**What the exercise asks**
Once you reach the line containing "have unit_in_band w" in the entries below, write out that line and each one after it down to the line containing "apply/unit_in_band; exists 0%N.", exactly and with nothing added.

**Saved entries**
━━━━━━━━━━━━━━━━━━━━━━━━━━━━━━

Let series_nondecreasing {u : R ^nat} : (forall n, 0 <= u n) ->
  nondecreasing_seq (series u).
Proof. by move=> u0; apply/nondecreasing_seqP => n; rewrite seriesSr lerDl. Qed.

Let powRK {a : R} : 0 <= a -> (a `^ p) `^ p^-1 = a.
Proof. by move=> a0; rewrite -powRrM divff ?gt_eqF // powRr1. Qed.

Lemma coord_le_lp_norm {y : rseq R} (m : nat) : in_lp p y -> `|y m| <= lp_norm p y.
Proof.
move=> hy; rewrite /lp_norm -(powRK (normr_ge0 (y m))).
have y_ge0 n : 0 <= `|y n| `^ p by exact: powR_ge0.
have term_le : `|y m| `^ p <= limn (series (fun n => `|y n| `^ p)).
  apply: le_trans (nondecreasing_cvgn_le (series_nondecreasing y_ge0) hy m.+1).
  by rewrite seriesSr lerDr; apply: sumr_ge0.
apply: ge0_ler_powR; rewrite ?nnegrE ?invr_ge0 ?powR_ge0 ?(ltW p_gt0) //.
exact: le_trans term_le.
Qed.

Let series_tail (x : rseq R) (N n : nat) :
  series (fun k => `|tail_from N x k| `^ p) n =
  series (fun k => `|x k| `^ p) (maxn n N) - series (fun k => `|x k| `^ p) N.
Proof.
elim: n => [|n IH]; first by rewrite max0n subrr /series /= big_geq.
rewrite seriesSr IH /tail_from; case: (leqP N n) => Nn.
  by rewrite (maxn_idPl (leqW Nn)) seriesSr addrAC.
by rewrite normr0 powR0 ?gt_eqF // addr0 (maxn_idPr Nn).
Qed.

Lemma tail_small {x : rseq R} {d : R} : in_lp p x -> 0 < d ->
  exists N, lp_norm p (tail_from N x) <= d.
Proof.
move=> hx d0.
have x_ge0 n : 0 <= `|x n| `^ p by exact: powR_ge0.
set s := series (fun k => `|x k| `^ p) in hx *.
have /cvgrPdist_le/(_ _ (powR_gt0 p d0)) s_cauchy : s @ \oo --> limn s by [].
near \oo => N; exists N.
have hN : `|limn s - s N| <= d `^ p by near: N.
have ht := in_lp_tail N hx.
have t_ge0 n : 0 <= `|tail_from N x n| `^ p by exact: powR_ge0.
have lim_ge0 : 0 <= limn (series (fun k => `|tail_from N x k| `^ p)).
  apply: le_trans (nondecreasing_cvgn_le (series_nondecreasing t_ge0) ht 0).
  by rewrite /series /= big_geq.
have lim_le : limn (series (fun k => `|tail_from N x k| `^ p)) <= limn s - s N.
  apply: limr_le => //; near=> n; rewrite series_tail lerD2r.
  exact: nondecreasing_cvgn_le (series_nondecreasing x_ge0) hx _.
rewrite /lp_norm -(powRK (ltW d0)).
apply: ge0_ler_powR; rewrite ?nnegrE ?invr_ge0 ?powR_ge0 ?(ltW p_gt0) //.
by apply: le_trans lim_le _; apply: le_trans hN; exact: ler_norm.
Unshelve. all: by end_near. Qed.

End LpSpace.

Section Operator.
Context {R : realType} {p : R} {T : rseq R -> rseq R}.
Hypotheses (p_gt0 : 0 < p) (hT : lp_operator p T).

Lemma op_zero : T zero_seq = zero_seq.
Proof.
case: hT => _ Tlin _; have h0 := in_lp_zero p_gt0.
have := Tlin 1 _ _ h0 h0; rewrite /zero_seq; under eq_fun do rewrite mul1r addr0.
move=> T0_double; apply/funext => n; have := congr1 (fun f => f n) T0_double.
rewrite /= mul1r => h; lra.
Qed.

Lemma op_scale (c : R) {x : rseq R} : in_lp p x ->
  T (fun n => c * x n) = (fun n => c * T x n).
Proof.
move=> hx; have T0 := op_zero; case: hT => _ Tlin _.
have := Tlin c _ _ hx (in_lp_zero p_gt0); rewrite T0 /zero_seq.
under eq_fun do rewrite addr0.
by move=> ->; apply/funext => n; rewrite addr0.
Qed.

Lemma op_add {x y : rseq R} : in_lp p x -> in_lp p y ->
  T (fun n => x n + y n) = (fun n => T x n + T y n).
Proof.
case: hT => _ Tlin _ hx hy; have := Tlin 1 _ _ hx hy.
under eq_fun do rewrite mul1r.
by move=> ->; apply/funext => n; rewrite mul1r.
Qed.

Lemma op_coord_bound : exists C : R, 0 <= C /\
  forall (y : rseq R) (m : nat), in_lp p y -> `|T y m| <= C * lp_norm p y.
Proof.
case: hT => Tlp _ [C TC]; exists `|C|; split=> // y m hy.
apply: le_trans (coord_le_lp_norm p_gt0 m (Tlp _ hy)) _.
apply: le_trans (TC _ hy) _.
by apply: ler_wpM2r; [exact: powR_ge0 | exact: ler_norm].
Qed.

Hypotheses (hpos : positive_op p T) (hip : interval_preserving p T).

(* Cutting T e_n down to
   a coordinate a gives an element of [0, T e_n] = T [0, e_n], hence a multiple
   of T e_n; it vanishes at b <> a, so T e_n b = 0. *)
Lemma op_unit_support {n a b : nat} :
  T (unit_seq n) a != 0 -> T (unit_seq n) b != 0 -> a = b.
Proof.
move=> ha hb; apply/eqP/negPn/negP => ab.
have he := in_lp_unit_seq p_gt0 n.
have e_ge0 : seq_nonneg (unit_seq n : rseq R) by move=> k; rewrite /unit_seq ler0n.
have v_ge0 := hpos _ he e_ge0.
set v := T (unit_seq n) in ha hb v_ge0.
pose y : rseq R := fun k => if k == a then v a else 0.
have : order_interval v y by split => k; rewrite /y; case: eqP => [e|_]; rewrite ?e.
rewrite -hip // => -[z [z_ge0 z_le] Tz].
have zE : z = (fun k => z n * unit_seq n k).
  apply/funext => k; rewrite /unit_seq; case: eqP => [->|kn]; first by rewrite mulr1.
  rewrite mulr0; apply/le_anti; rewrite z_ge0 andbT.
  by have := z_le k; rewrite /unit_seq; move/eqP/negbTE: kn => ->.
move: Tz; rewrite zE (op_scale (z n) he) => Tz.
have := congr1 (fun f => f b) Tz; have := congr1 (fun f => f a) Tz.
rewrite /y /= eqxx eq_sym (negbTE ab) => hya /eqP.
rewrite mulf_eq0 (negbTE hb) orbF => /eqP zn0.
by move: ha; rewrite -hya zn0 mul0r eqxx.
Qed.

Lemma op_support_map :
  exists s : nat -> nat, forall n m, T (unit_seq n) m != 0 -> m = s n.
Proof.
have support n : exists sn, forall m, T (unit_seq n) m != 0 -> m = sn.
  case: (pselect (exists m, T (unit_seq n) m != 0)) => [[a ha]|none].
  - by exists a => m hm; exact: op_unit_support hm ha.
  - by exists 0%N => m hm; exfalso; apply: none; exists m.
by have [s hs] := choice support; exists s.
Qed.

End Operator.

Section Band.
Context {R : realType}.
Variables (p : R) (A : set nat).
Hypothesis p_gt0 : 0 < p.

Definition band : set (rseq R) := fun x => in_lp p x /\ forall m, ~ A m -> x m = 0.

Lemma band_ideal : lp_ideal p band.
Proof.
split; first split.
- by move=> x [].
- by split; [exact: in_lp_zero|].
- move=> a x y [hx x0] [hy y0]; split.
    exact: (in_lp_comb a (ltW p_gt0) hx hy).
  by move=> m Am; rewrite x0 // y0 // mulr0 addr0.
- move=> x y xy [hy y0]; split; first exact: in_lp_dom (ltW p_gt0) xy hy.
  move=> m Am; apply/normr0_eq0/le_anti; rewrite normr_ge0 andbT.
  by have := xy m; rewrite y0 // normr0.
Qed.

Let small_eq0 (a : R) : (forall e, 0 < e -> `|a| <= e) -> a = 0.
Proof.
move=> H; apply/eqP/negPn/negP => a0.
have := H (`|a| / 2); rewrite divr_gt0 ?normr_gt0 // => /(_ isT) h.
have : 0 < `|a| by rewrite normr_gt0.
lra.
Qed.

(* Norm convergence implies coordinatewise convergence, so the band is closed. *)
Lemma band_closed : lp_closed p band.
Proof.
move=> u x hu hx cv; split => // m Am; apply: small_eq0 => e e0.
move/cvgrPdist_le: cv => /(_ _ e0) close.
near \oo => k.
have hk : `|0 - lp_norm p (fun n => u k n - x n)| <= e by near: k.
have [huk uk0] := hu k.
have hd : in_lp p (fun n => u k n - x n).
  have := in_lp_comb (-1) (ltW p_gt0) hx huk.
  by congr in_lp; apply/funext => n; rewrite mulN1r addrC.
have := coord_le_lp_norm p_gt0 m hd; rewrite uk0 // sub0r normrN => h.
by apply: le_trans h _; apply: le_trans hk; rewrite sub0r normrN ler_norm.
Unshelve. all: by end_near. Qed.

Variable T : rseq R -> rseq R.
Hypothesis hT : lp_operator p T.
Hypothesis A_stable : forall n m, A n -> T (unit_seq n) m != 0 -> A m.

Lemma band_invariant_truncate {x : rseq R} {m : nat} : band x -> ~ A m ->
  forall N, T (truncate N x) m = 0 :> R.
Proof.
move=> [hx x0] Am; elim => [|N IH].
  have -> : truncate 0 x = zero_seq by apply/funext.
  by rewrite (op_zero p_gt0 hT).
rewrite truncateS; case: (hT) => _ Tlin _.
rewrite (Tlin _ _ _ (in_lp_unit_seq p_gt0 N) (in_lp_truncate p_gt0 N hx)) IH addr0.
case: (pselect (A N)) => AN; last by rewrite x0 // mul0r.
suff -> : T (unit_seq N) m = 0 by rewrite mulr0.
by apply/eqP/negP => /negP /(A_stable _ _ AN).
Qed.

(* By continuity of T the band itself is T-invariant. *)
Lemma band_invariant : T_invariant T band.
Proof.
move=> x bx; have [hx _] := bx; case: (hT) => Tlp _ _.
split; first exact: Tlp.
move=> m Am; apply: small_eq0 => e e0.
have [C [C0 Cbound]] := op_coord_bound p_gt0 hT.
have C1 : 0 < C + 1 by rewrite ltr_wpDl.
have [N hN] := tail_small p_gt0 hx (divr_gt0 e0 C1).
rewrite (truncate_add_tail N x).
rewrite (op_add hT (in_lp_truncate p_gt0 N hx) (in_lp_tail p_gt0 N hx)) /=.
rewrite (band_invariant_truncate bx Am) add0r.
apply: le_trans (Cbound _ m (in_lp_tail p_gt0 N hx)) _.
have t_ge0 : 0 <= lp_norm p (tail_from N x) by exact: powR_ge0.
have d_eq : e / (C + 1) * (C + 1) = e by rewrite mulfVK // gt_eqF.
have := ler_wpM2l C0 hN; nra.
Qed.

End Band.

Section Orbit.
Variable s : nat -> nat.

Definition orbit0 : set nat := fun m => exists k, m = iter k.+1 s 0%N.

Lemma orbit0_stable (n : nat) : orbit0 n -> orbit0 (s n).
Proof. by move=> [k ->]; exists k.+1. Qed.

Lemma iter_periodic (k : nat) : iter k.+1 s 0%N = 0%N ->
  forall i, exists2 j, (j <= k)%N & iter i s 0%N = iter j s 0%N.
Proof.
move=> period; elim => [|i [j jk IH]]; first by exists 0%N.
case: (ltnP j k) => jk'; first by exists j.+1 => //=; rewrite IH.
have jk_eq : j = k by apply/eqP; rewrite eqn_leq jk jk'.
by exists 0%N => //=; rewrite IH jk_eq.
Qed.

Lemma orbit0_not_full : exists w, ~ orbit0 w.
Proof.
case: (pselect (orbit0 0%N)) => [[k hk]|not0]; last by exists 0%N.
exists (\sum_(j < k.+1) iter j s 0%N).+1 => -[i hi].
have [j jk ij] := iter_periodic _ (esym hk) i.+1.
have : (iter j s 0%N <= \sum_(j0 < k.+1) iter j0 s 0%N)%N.
  by rewrite (bigD1 (@Ordinal k.+1 j jk)) //= leq_addr.
by rewrite -ij -hi ltnn.
Qed.

End Orbit.

Theorem corollary3p7 (R : realType) (p : R) (T : rseq R -> rseq R) :
  1 < p -> lp_operator p T -> positive_op p T -> interval_preserving p T ->
  exists M : set (rseq R),
    [/\ lp_ideal p M, lp_closed p M, T_invariant T M & lp_nontrivial p M].
Proof.
move=> p1 hT hpos hip; have p_gt0 : 0 < p := lt_trans ltr01 p1.
have [s hs] := op_support_map p_gt0 hT hpos hip.
have A_stable n m : orbit0 s n -> T (unit_seq n) m != 0 -> orbit0 s m.
  by move=> An /hs ->; exact: orbit0_stable.
have unit_in_band w : band p (orbit0 s) (unit_seq w) <-> orbit0 s w.
  split=> [[_ vanish]|Aw].
  - apply: contrapT => Aw; have := vanish w Aw.
    by rewrite /unit_seq eqxx => /eqP; rewrite oner_eq0.
  - split; first exact: (in_lp_unit_seq p_gt0 w).
    by move=> m Am; rewrite /unit_seq; case: eqP => // mw; move: Am; rewrite mw.
exists (band p (orbit0 s)); split.
- exact: band_ideal.
- exact: band_closed.
- exact: band_invariant.
- split.
  + exists (unit_seq (s 0%N)); split; first by apply/unit_in_band; exists 0%N.
    by move=> /(congr1 (fun f => f (s 0%N))); rewrite /unit_seq eqxx => /eqP; rewrite oner_eq0.
  + have [w Aw] := orbit0_not_full s.
    by exists (unit_seq w); split; [exact: (in_lp_unit_seq p_gt0 w) | move/unit_in_band].
Qed.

━━━━━━━━━━━━━━━━━━━━━━━━━━━━━━

**Answer section**
have unit_in_band w : band p (orbit0 s) (unit_seq w) <-> orbit0 s w.
  split=> [[_ vanish]|Aw].
  - apply: contrapT => Aw; have := vanish w Aw.
    by rewrite /unit_seq eqxx => /eqP; rewrite oner_eq0.
  - split; first exact: (in_lp_unit_seq p_gt0 w).
    by move=> m Am; rewrite /unit_seq; case: eqP => // mw; move: Am; rewrite mw.
exists (band p (orbit0 s)); split.
- exact: band_ideal.
- exact: band_closed.
- exact: band_invariant.
- split.
  + exists (unit_seq (s 0%N)); split; first by apply/unit_in_band; exists 0%N.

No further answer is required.